Data section:
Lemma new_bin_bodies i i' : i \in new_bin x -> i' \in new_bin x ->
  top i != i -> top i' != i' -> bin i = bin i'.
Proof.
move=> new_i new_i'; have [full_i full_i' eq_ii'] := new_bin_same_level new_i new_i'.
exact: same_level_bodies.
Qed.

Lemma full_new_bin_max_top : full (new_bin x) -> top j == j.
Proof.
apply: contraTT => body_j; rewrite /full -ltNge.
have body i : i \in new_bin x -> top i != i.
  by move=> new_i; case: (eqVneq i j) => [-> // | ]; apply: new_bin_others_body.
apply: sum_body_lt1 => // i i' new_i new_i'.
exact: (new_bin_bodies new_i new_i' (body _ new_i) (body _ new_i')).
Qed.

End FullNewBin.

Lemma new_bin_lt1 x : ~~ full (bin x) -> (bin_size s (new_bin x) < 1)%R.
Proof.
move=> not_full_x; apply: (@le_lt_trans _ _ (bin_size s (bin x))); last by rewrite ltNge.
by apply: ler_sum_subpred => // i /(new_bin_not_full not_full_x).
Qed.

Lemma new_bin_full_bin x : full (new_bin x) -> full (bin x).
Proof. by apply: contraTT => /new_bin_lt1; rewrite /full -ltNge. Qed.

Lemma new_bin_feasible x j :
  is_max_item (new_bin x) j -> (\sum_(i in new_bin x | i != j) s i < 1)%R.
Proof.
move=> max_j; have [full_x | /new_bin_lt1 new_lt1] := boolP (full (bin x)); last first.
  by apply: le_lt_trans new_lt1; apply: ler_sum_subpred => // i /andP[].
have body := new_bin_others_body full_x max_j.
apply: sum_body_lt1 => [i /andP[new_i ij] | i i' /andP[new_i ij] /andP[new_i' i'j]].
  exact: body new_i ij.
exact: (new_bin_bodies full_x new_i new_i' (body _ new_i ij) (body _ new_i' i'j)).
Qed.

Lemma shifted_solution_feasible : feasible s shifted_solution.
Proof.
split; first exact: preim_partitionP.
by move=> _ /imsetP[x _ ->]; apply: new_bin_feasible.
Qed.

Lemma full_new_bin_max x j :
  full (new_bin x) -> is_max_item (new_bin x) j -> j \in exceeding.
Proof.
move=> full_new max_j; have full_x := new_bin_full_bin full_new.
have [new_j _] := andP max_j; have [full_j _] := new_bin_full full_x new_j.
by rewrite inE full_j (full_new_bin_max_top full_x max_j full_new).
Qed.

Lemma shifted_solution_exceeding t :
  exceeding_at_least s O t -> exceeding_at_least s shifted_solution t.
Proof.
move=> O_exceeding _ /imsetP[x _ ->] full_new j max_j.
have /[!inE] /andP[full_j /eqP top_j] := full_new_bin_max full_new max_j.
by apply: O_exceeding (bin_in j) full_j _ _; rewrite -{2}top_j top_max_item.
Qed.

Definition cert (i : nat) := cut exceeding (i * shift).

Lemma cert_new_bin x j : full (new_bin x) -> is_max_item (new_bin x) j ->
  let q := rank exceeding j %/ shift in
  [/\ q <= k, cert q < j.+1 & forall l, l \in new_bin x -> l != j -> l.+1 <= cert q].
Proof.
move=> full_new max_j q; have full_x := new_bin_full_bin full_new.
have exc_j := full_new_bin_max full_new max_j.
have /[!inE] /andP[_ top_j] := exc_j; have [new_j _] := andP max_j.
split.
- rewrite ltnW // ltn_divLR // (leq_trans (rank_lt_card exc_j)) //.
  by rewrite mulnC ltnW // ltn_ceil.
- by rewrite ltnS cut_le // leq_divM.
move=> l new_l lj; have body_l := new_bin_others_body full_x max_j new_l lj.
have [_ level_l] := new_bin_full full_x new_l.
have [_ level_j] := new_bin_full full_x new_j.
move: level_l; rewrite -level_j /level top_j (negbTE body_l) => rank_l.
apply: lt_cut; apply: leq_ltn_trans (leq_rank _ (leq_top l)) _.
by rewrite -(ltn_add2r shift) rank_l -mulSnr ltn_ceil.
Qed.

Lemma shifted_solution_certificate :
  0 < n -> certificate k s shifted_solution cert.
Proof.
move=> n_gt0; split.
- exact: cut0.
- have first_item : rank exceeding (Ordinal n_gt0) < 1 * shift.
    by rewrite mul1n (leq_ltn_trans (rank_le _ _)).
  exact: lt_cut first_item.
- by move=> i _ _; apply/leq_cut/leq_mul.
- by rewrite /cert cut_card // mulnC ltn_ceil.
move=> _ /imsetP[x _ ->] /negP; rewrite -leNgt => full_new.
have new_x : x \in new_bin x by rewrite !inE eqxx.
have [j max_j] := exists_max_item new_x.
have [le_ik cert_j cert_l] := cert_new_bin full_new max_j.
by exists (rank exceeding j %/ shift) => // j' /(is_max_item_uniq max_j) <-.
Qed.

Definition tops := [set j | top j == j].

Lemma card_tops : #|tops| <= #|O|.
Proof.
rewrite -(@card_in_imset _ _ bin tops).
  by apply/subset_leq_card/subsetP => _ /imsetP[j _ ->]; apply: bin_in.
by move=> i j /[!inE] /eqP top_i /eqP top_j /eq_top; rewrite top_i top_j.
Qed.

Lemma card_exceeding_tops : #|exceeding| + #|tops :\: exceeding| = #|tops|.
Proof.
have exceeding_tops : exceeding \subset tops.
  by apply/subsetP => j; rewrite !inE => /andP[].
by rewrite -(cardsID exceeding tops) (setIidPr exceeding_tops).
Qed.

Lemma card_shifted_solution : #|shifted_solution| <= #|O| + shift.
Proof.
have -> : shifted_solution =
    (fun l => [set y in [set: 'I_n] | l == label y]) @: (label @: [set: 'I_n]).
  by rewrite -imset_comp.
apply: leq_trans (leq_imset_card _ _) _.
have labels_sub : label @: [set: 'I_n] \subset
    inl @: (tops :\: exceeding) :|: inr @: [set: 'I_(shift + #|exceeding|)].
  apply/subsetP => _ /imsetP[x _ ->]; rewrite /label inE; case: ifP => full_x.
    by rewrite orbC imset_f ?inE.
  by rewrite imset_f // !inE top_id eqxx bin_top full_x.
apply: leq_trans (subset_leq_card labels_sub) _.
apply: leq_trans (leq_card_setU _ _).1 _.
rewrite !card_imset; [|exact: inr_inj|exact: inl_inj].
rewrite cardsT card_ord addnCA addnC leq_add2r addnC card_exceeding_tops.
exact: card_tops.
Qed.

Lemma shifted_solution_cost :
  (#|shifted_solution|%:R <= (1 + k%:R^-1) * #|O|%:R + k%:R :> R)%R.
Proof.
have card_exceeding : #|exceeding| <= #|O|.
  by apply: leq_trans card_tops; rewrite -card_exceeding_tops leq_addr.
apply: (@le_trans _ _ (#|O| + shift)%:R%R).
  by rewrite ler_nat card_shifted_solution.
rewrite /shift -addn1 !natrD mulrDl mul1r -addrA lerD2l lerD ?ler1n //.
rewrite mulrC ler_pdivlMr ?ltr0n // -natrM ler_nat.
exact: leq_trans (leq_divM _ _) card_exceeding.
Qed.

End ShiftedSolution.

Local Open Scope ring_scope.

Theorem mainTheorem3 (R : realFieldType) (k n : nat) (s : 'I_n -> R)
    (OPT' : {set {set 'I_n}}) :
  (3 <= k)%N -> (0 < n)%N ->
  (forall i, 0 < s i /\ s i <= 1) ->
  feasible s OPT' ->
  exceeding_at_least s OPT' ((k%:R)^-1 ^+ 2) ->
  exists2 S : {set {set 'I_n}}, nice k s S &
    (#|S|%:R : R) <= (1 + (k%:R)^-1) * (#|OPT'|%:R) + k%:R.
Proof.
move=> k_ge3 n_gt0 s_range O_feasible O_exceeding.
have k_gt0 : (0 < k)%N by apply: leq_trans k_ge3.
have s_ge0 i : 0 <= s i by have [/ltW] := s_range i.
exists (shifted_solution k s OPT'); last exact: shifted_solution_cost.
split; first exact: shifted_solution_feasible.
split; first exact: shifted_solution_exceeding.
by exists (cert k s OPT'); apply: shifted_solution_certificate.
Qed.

...

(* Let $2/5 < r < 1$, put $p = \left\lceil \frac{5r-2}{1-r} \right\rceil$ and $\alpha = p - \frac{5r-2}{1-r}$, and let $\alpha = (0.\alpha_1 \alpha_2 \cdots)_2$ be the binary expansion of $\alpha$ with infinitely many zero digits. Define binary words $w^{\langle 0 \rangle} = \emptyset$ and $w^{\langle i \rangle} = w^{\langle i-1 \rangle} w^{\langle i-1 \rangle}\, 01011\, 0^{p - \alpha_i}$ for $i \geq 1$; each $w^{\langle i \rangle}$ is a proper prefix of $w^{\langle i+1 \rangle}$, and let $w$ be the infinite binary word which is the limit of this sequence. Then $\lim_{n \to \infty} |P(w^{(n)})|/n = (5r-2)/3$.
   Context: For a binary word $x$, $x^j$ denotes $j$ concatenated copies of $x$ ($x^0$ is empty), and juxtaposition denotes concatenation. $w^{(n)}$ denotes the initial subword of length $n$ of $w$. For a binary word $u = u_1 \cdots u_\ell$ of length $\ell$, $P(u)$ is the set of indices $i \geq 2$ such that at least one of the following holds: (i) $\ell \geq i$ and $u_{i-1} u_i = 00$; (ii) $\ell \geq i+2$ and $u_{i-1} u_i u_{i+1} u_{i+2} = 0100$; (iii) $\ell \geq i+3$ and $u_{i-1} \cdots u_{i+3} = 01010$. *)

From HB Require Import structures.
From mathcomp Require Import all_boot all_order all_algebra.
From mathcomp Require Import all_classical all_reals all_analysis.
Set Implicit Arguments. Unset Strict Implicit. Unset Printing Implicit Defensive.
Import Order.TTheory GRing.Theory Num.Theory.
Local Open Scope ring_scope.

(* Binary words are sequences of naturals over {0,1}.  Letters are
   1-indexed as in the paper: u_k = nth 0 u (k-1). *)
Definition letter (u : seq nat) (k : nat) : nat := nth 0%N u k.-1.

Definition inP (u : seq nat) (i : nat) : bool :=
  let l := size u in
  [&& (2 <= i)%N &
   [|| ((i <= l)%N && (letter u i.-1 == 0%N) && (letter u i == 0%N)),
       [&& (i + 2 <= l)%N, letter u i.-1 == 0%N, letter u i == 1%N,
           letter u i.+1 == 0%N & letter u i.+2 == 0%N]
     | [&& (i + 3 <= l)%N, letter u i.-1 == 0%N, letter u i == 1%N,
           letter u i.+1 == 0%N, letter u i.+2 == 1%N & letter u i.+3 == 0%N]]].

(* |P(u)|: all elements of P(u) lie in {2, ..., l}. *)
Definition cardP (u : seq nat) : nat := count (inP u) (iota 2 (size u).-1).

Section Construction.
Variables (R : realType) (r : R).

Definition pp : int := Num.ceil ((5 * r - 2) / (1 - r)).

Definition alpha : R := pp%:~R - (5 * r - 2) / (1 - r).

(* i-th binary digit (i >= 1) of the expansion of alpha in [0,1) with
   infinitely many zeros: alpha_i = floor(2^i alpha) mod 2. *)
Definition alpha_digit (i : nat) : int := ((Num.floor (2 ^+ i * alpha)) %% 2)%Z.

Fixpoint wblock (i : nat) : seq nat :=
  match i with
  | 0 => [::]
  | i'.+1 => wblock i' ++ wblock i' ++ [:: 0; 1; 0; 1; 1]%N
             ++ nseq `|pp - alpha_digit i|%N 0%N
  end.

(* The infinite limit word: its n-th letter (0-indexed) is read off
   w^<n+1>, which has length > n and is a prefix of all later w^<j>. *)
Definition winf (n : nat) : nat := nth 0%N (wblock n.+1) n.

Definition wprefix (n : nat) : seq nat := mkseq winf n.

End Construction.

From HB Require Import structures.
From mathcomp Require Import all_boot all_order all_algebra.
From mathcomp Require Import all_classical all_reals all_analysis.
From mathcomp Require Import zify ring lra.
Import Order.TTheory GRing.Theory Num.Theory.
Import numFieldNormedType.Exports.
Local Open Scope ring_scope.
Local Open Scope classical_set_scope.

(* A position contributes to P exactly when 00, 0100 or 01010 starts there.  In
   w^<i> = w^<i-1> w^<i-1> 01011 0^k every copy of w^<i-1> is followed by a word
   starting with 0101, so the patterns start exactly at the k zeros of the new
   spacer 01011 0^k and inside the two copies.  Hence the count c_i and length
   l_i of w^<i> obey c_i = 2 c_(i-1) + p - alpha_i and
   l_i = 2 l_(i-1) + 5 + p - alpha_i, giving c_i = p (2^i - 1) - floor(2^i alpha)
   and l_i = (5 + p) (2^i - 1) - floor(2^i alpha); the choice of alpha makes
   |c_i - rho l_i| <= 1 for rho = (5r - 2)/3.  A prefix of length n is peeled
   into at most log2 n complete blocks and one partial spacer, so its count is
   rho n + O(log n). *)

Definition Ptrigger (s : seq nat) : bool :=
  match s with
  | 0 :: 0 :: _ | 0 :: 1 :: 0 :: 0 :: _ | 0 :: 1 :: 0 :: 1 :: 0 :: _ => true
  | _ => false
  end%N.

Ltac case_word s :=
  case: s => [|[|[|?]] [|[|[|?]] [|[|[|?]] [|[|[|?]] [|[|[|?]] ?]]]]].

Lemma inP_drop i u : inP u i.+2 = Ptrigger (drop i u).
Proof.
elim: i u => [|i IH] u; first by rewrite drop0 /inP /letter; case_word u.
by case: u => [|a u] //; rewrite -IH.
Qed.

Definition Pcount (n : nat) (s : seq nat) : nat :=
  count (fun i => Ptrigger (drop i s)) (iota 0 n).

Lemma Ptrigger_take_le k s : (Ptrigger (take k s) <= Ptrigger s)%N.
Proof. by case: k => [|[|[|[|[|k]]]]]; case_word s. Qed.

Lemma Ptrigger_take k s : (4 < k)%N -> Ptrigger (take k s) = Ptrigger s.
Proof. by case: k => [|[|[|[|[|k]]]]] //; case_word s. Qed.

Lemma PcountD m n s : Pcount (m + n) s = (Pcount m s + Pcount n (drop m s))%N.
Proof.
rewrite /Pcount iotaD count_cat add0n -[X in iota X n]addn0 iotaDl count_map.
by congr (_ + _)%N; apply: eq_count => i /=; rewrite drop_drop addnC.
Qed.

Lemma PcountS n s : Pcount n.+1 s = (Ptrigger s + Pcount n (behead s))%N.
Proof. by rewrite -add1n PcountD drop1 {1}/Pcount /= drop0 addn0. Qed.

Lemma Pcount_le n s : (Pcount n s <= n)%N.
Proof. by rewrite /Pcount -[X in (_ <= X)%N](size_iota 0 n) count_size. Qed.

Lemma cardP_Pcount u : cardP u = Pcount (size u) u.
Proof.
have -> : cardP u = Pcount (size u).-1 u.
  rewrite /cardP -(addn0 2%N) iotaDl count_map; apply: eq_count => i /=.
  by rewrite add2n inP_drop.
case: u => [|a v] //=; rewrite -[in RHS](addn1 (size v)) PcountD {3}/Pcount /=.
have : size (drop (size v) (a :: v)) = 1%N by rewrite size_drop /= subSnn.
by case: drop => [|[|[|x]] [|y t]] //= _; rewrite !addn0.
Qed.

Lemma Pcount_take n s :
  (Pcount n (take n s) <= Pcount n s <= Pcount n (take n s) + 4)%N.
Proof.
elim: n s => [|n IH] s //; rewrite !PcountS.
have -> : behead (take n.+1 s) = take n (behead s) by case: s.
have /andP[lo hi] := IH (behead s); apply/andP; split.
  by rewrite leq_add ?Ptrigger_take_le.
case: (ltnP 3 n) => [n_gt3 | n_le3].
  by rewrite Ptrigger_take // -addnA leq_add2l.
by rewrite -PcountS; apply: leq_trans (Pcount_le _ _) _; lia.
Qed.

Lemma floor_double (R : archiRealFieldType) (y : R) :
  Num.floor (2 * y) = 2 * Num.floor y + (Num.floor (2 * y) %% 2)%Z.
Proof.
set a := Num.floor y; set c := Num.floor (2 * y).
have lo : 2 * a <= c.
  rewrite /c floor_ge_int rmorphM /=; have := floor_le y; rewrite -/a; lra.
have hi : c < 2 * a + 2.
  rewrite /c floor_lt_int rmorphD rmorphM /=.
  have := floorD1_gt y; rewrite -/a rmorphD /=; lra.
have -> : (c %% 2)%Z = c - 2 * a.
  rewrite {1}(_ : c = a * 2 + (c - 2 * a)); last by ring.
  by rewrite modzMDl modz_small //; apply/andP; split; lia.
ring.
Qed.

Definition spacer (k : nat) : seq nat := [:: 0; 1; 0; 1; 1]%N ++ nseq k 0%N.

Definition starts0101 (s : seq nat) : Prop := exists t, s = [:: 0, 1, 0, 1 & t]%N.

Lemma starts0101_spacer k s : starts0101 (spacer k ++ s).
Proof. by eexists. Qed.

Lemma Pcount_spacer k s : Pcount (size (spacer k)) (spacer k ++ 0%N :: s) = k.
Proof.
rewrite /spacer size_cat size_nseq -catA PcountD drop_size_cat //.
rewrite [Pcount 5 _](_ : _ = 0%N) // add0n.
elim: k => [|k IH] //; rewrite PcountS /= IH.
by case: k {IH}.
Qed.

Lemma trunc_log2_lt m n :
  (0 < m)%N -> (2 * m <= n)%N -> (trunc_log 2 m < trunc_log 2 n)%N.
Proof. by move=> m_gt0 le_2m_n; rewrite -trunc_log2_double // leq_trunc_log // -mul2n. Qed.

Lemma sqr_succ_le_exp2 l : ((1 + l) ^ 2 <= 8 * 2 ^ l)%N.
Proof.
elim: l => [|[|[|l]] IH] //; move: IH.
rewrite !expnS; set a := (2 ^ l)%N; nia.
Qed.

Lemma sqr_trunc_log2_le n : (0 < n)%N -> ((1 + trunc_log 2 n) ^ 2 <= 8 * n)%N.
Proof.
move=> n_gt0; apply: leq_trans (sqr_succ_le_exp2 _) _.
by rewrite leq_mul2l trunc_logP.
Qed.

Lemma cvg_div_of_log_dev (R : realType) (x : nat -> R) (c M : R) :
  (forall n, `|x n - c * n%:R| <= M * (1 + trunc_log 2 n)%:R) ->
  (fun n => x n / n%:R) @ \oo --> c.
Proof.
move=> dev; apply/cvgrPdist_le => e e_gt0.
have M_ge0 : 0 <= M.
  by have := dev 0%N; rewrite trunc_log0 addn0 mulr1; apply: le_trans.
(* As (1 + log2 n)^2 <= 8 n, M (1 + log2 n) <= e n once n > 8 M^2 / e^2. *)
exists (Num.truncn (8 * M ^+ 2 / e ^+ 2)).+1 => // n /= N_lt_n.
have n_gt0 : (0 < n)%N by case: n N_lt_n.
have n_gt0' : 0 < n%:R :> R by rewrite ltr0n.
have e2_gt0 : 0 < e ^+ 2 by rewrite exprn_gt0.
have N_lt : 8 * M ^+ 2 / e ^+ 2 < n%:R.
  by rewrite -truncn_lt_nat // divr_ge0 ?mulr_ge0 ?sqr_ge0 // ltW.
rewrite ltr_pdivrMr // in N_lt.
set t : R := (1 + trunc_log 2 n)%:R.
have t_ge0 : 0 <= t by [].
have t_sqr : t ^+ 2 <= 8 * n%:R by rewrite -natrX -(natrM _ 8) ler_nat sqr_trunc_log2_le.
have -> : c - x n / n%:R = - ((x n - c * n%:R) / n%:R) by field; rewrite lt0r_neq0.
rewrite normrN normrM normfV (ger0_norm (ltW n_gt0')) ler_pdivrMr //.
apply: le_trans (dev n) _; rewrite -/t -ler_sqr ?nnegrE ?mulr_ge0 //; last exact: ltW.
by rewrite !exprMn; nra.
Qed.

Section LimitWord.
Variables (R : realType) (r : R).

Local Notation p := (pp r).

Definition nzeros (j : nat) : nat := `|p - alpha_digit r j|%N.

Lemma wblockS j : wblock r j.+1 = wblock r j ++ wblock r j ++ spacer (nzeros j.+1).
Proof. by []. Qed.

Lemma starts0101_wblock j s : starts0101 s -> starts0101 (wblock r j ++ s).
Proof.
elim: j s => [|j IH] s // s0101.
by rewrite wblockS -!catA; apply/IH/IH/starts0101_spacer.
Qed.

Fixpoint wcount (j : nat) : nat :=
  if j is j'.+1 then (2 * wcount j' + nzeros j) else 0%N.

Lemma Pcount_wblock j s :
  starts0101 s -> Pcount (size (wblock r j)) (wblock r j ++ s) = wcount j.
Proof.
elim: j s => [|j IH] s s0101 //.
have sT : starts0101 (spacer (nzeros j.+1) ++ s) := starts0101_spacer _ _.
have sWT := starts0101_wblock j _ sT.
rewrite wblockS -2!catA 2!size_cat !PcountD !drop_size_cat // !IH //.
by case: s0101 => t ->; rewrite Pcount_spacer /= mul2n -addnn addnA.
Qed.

What you need to do:
Filter the records above for "iotaDl" and copy every matching line.

Solution to this exercise:
rewrite /Pcount iotaD count_cat add0n -[X in iota X n]addn0 iotaDl count_map.
  rewrite /cardP -(addn0 2%N) iotaDl count_map; apply: eq_count => i /=.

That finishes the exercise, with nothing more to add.